◆ **Exercise**
Copy nothing but the lines below running from the line containing "End TopMinors." through the line containing "by have -> : T", both end lines included.

◆ **Supplied entries**
Lemma val_ge_subdet_z_col j (r c : 'I_j.+1 -> 'I_n) i0 : injective c ->
  (forall i, (r i < m)%N) -> (forall i, (c i < m.+1)%N) -> c i0 = z ->
  val_ge v (subdet B r c) (top_val (im c)).
Proof.
move=> c_inj r_lt c_lt ci0; have cb := inj_below_lift c_inj c_lt ci0.
have [_ detv] := inj_below_top_det cb.
rewrite (subdet_factor r (inj_below_top_unit cb) ci0 (fun i => erefl)).
have -> : top_val (im c) =
    (top_val (z |: im (c \o lift i0)) - top_val (im (c \o lift i0))) + (0 + 0) +
    (0 + top_val (im (c \o lift i0))) by rewrite (im_lift c i0) ci0; lra.
apply: (val_geM v_nonarch); last first.
  by apply: (val_geM v_nonarch); [exact: val_ge_sign | rewrite -detv; exact: val_ge_val].
rewrite (expand_det_col _ ord_max); apply: (val_ge_sum v_nonarch) => i _.
rewrite mxE unlift_none; apply: (val_geM v_nonarch); first exact: resid_val_ge.
apply: (val_geM v_nonarch); first exact: val_ge_sign.
by apply: (val_ge_det v_nonarch) => i' l; rewrite !mxE liftK; exact: coef_val_ge.
Qed.

Lemma top_minor_bound_step : top_minor_bound m.+1.
Proof.
move=> [|j] r c c_inj r_lt c_lt; first by apply: val_ge_subdet_z_notin_cols => // -[].
case: (pickP (fun i => c i == z)) => [i0 /eqP ci0|c_avoid]; last first.
  by apply: val_ge_subdet_z_notin_cols => // i; apply: lt_of_ne_z (c_lt i) (negbT (c_avoid i)).
case: (pickP (fun i => r i == z)) => [i1 /eqP ri1|r_avoid].
  exact: val_ge_subdet_z_row_col ci0 ri1.
by apply: val_ge_subdet_z_col ci0 => // i; apply: lt_of_ne_z (r_lt i) (negbT (r_avoid i)).
Qed.

End InductionStep.

Lemma top_minor_bound_le m : (m <= n)%N -> top_minor_bound m.
Proof.
elim: m => [_|m IHm hm]; last exact: top_minor_bound_step hm (IHm (ltnW hm)).
move=> [|k] r c c_inj r_lt c_lt; last by have := c_lt ord0.
have r_first : im r = first_rows n 0 by apply/setP => x; rewrite !inE; apply/imsetP => -[[]].
have r_inj : injective r by case.
have [_ <-] := subdet_first_rows r_inj c_inj r_first.
exact: val_ge_val.
Qed.

End TopMinors.

Theorem lemma3p4 (K : fieldType) (R : realType) (val : K -> R)
  (hval : nonarch_valuation val) (n : nat) (B : 'M[K]_n)
  (hB : upper_triangular B)
  (hfin : forall S : {set 'I_n},
      nu val (minor B (first_rows n #|S|) S) \is a fin_num)
  (hsub : submodular (fun S : {set 'I_n} => nu val (minor B (first_rows n #|S|) S))) :
  forall S T : {set 'I_n}, #|S| = #|T| ->
    (nu val (minor B T S) <= nu val (minor B (first_rows n #|S|) S))%E.
Proof.
case: n B hB hfin hsub => [|n'] B hB hfin hsub S T hST.
  by have -> : T = first_rows 0 #|S| by apply/setP => -[].
rewrite (nu_top hfin) -val_geE (minor_subdet B hST).
have := top_minor_bound_le hval hB hfin hsub (leqnn n'.+1)
  (@enum_val_inj _ (mem S)) (fun i => ltn_ord (enum_val (cast_ord hST i)))
  (fun i => ltn_ord _).
by rewrite im_enum_val.
Qed.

◆ **Solution to the problem**
End TopMinors.

Theorem lemma3p4 (K : fieldType) (R : realType) (val : K -> R)
  (hval : nonarch_valuation val) (n : nat) (B : 'M[K]_n)
  (hB : upper_triangular B)
  (hfin : forall S : {set 'I_n},
      nu val (minor B (first_rows n #|S|) S) \is a fin_num)
  (hsub : submodular (fun S : {set 'I_n} => nu val (minor B (first_rows n #|S|) S))) :
  forall S T : {set 'I_n}, #|S| = #|T| ->
    (nu val (minor B T S) <= nu val (minor B (first_rows n #|S|) S))%E.
Proof.
case: n B hB hfin hsub => [|n'] B hB hfin hsub S T hST.
  by have -> : T = first_rows 0 #|S| by apply/setP => -[].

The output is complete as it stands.